Sitemap
docs/Utilities/Sitemap

Sitemap

Discover all URLs on a website.

Sitemap

Discover all URLs on a website by parsing its sitemap. KnowledgeSDK checks multiple common sitemap locations, handles sitemap indexes (nested sitemaps), and automatically tries www/non-www variations.

POST/v1/sitemapx-api-key

Request body

urlstringrequired

The website URL to discover pages for.
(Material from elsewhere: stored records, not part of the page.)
Lemma finite_length_in_scale (k : comPzRingType) (M : lmodType k) (N : M -> Prop) (c : k) :
  is_submodule N -> finite_length_in (scale_kernel N c) -> finite_length_in (scale_image N c) ->
  finite_length_in N.
Proof.
move=> hN [n1 bnd1] [n2 bnd2]; exists (n1 + n2)%N.
apply: (chain_bounded_split (p1 := fun A => capsub A (scale_kernel N c))
   (p2 := fun A => scale_image A c) bnd1 bnd2).
- move=> A [hA AN]; split; last by move=> x [].
  exact: submodule_capsub hA (submodule_scale_kernel c hN).
- move=> A [hA AN]; split; first exact: submodule_scale_image.
  by move=> _ [x [Ax ->]]; exists x; split=> //; apply: AN.
- by move=> A A' _ _ AA' y [Ay ?]; split=> //; apply: AA'.
- by move=> A A' _ _ AA' _ [x [Ax ->]]; exists x; split=> //; apply: AA'.
- move=> A A' [hA _] [hA' A'N] AA' ker_eq im_eq x A'x.
  have [y [Ay cxy]] : exists y, A y /\ c *: x = c *: y by apply: im_eq; exists x.
  have [Axy _] : capsub A (scale_kernel N c) (x - y).
    apply: ker_eq; split; first by apply: submoduleB => //; apply: AA'.
    split; first by apply: submoduleB => //; apply: A'N => //; apply: AA'.
    by rewrite scalerBr cxy subrr.
  by rewrite -(subrK y x); case: hA => _ AD _; apply: AD.
Qed.

Lemma descending_chain_le (T : Type) (S : nat -> (T -> Prop)) :
  (forall n x, S n.+1 x -> S n x) -> forall m n, (m <= n)%N -> forall x, S n x -> S m x.
Proof.
move=> desc m n /subnKC <-; elim: (n - m)%N => [|d IH] x; first by rewrite addn0.
by rewrite addnS => /desc /IH.
Qed.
Must be a valid HTTP or HTTPS URL. You can pass any page on the site -- KnowledgeSDK will automatically locate the sitemap from the domain root.

Response

urlstring

The original URL that was provided.

urlsstring[]

An array of all discovered URLs from the sitemap (up to 5,000 URLs).

countnumber

The total number of URLs discovered.

Code examples

Example response

json snippet{}json
{
  "url": "https://example.com",
  "urls": [
    "https://example.com/",
    "https://example.com/about",
    "https://example.com/pricing",
    "https://example.com/docs",
    "https://example.com/blog",
    "https://example.com/blog/getting-started",
    "https://example.com/blog/api-reference"
  ],
  "count": 7
}

Sitemap discovery

KnowledgeSDK checks the following sitemap locations in order and stops as soon as it finds valid results:

1
Standard paths

Checks /sitemap.xml, /sitemap_index.xml, /sitemap/sitemap.xml, and /wp-sitemap.xml on the given domain.

2
Sitemap indexes

If a sitemap index is found, KnowledgeSDK fetches up to 10 child sitemaps and merges all discovered URLs.

3
www/non-www fallback

If no sitemap is found on the original domain, KnowledgeSDK tries the alternate version (adds or removes www.).

The sitemap endpoint returns up to 5,000 URLs. For websites with larger sitemaps, the results are truncated. The count field reflects the number of URLs returned, not the total on the site.